The task:
Copy the lines below exactly, starting at the line that contains "Proof. by rewrite /pairing mxE;" and stopping after the last line, and include no other lines.

Collected data entries:
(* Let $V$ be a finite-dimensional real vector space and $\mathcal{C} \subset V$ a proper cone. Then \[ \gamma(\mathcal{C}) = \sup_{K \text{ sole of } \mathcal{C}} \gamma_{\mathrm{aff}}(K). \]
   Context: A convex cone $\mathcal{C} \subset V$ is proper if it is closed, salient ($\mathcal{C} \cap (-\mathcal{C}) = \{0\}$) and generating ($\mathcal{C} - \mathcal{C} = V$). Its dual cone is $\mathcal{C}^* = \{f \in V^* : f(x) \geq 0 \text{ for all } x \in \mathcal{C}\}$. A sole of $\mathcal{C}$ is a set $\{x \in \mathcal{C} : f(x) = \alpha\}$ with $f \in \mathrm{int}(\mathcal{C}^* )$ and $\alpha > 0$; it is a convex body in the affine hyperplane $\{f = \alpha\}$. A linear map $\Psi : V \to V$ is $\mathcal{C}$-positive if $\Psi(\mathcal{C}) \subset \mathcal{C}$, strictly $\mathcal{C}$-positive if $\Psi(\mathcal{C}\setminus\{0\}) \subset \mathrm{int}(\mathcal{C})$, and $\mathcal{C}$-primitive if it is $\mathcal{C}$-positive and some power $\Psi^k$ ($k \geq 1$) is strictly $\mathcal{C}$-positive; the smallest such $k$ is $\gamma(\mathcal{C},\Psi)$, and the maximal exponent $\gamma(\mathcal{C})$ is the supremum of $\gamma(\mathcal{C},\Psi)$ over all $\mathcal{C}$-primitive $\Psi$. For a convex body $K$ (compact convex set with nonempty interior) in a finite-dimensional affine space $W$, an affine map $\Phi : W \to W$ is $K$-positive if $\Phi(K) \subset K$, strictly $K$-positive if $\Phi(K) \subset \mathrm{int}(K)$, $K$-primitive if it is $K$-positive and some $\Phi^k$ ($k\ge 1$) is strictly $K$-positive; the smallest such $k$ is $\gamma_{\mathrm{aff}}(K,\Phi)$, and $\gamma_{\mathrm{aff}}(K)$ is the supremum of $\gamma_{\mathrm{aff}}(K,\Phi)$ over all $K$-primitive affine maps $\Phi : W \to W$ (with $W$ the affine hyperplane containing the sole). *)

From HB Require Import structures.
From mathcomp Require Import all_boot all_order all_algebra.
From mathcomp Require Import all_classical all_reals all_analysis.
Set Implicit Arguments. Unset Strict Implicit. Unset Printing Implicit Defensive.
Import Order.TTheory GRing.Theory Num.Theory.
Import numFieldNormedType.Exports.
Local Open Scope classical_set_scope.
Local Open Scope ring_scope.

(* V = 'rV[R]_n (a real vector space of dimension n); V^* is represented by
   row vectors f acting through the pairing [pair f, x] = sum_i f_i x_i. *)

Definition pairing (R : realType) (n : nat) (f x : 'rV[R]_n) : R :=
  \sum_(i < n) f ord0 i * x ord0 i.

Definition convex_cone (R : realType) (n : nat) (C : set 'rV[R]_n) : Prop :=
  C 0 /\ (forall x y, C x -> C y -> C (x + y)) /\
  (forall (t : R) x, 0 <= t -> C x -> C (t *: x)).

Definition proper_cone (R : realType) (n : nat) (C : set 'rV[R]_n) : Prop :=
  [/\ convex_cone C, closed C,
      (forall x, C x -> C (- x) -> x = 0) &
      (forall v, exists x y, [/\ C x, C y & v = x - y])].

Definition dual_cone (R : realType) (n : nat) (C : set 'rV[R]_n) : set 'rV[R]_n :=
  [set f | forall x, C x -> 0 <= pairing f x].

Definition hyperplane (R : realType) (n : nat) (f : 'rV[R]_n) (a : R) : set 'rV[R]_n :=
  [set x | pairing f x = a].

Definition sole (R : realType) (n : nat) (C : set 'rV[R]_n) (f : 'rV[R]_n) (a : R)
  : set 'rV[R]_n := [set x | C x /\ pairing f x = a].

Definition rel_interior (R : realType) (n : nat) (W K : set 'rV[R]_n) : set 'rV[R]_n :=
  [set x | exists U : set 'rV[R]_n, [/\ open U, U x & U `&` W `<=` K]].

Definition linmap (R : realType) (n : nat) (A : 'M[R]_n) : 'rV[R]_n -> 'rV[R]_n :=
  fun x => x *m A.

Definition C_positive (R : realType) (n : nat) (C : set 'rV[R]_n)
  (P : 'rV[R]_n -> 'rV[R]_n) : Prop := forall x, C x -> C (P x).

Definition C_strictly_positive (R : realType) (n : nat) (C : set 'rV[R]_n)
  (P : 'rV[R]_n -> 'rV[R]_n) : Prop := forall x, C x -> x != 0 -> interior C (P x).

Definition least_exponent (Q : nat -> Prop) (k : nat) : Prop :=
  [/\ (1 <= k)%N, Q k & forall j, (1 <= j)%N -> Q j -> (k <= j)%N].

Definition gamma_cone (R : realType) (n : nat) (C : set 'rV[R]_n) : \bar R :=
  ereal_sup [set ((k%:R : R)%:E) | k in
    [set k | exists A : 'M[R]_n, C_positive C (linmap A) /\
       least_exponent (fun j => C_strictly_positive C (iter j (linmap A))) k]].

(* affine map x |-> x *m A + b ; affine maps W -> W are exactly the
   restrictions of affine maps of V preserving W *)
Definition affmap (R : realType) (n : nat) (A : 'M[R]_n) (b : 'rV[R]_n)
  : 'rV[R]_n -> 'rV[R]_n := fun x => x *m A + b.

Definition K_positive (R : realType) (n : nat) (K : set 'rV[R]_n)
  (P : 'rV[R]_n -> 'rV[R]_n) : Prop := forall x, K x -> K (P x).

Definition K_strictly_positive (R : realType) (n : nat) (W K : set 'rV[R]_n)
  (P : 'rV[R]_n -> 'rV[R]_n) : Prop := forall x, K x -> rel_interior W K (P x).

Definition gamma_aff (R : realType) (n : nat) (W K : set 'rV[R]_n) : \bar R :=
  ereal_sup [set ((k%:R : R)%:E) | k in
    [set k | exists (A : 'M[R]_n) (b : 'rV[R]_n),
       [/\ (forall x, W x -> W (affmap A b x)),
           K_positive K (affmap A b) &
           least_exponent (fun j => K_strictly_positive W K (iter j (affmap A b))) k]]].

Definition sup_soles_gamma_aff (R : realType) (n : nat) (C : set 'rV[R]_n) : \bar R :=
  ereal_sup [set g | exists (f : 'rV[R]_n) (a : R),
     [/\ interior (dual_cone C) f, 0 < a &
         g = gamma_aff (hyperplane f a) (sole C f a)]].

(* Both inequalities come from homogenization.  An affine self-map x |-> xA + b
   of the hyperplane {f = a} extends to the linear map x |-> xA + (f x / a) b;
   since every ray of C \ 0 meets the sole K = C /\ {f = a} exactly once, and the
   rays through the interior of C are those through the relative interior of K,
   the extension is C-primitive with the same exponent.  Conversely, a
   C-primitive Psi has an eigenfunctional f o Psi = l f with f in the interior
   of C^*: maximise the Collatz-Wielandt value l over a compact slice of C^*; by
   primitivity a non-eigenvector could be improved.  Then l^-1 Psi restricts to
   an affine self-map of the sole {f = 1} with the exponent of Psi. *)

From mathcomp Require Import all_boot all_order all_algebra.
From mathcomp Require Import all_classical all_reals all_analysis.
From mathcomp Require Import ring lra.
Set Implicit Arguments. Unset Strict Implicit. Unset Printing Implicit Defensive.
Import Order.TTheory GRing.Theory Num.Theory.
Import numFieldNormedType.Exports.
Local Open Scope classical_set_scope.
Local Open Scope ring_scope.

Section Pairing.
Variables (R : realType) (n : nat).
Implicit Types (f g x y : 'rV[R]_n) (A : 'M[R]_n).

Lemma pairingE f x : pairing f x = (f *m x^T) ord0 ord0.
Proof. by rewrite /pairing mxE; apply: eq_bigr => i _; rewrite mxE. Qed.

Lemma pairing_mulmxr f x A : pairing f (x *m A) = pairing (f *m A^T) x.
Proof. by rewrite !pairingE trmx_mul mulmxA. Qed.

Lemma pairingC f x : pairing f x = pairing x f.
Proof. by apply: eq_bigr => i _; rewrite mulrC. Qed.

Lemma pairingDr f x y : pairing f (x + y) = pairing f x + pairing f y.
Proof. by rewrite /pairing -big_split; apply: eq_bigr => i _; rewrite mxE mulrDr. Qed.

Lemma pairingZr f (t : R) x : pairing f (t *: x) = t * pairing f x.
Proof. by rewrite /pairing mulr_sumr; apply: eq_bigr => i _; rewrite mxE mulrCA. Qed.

Answer section:
Proof. by rewrite /pairing mxE; apply: eq_bigr => i _; rewrite mxE. Qed.

Lemma pairing_mulmxr f x A : pairing f (x *m A) = pairing (f *m A^T) x.
Proof. by rewrite !pairingE trmx_mul mulmxA. Qed.

Lemma pairingC f x : pairing f x = pairing x f.
Proof. by apply: eq_bigr => i _; rewrite mulrC. Qed.

Lemma pairingDr f x y : pairing f (x + y) = pairing f x + pairing f y.
Proof. by rewrite /pairing -big_split; apply: eq_bigr => i _; rewrite mxE mulrDr. Qed.

Lemma pairingZr f (t : R) x : pairing f (t *: x) = t * pairing f x.
Proof. by rewrite /pairing mulr_sumr; apply: eq_bigr => i _; rewrite mxE mulrCA. Qed.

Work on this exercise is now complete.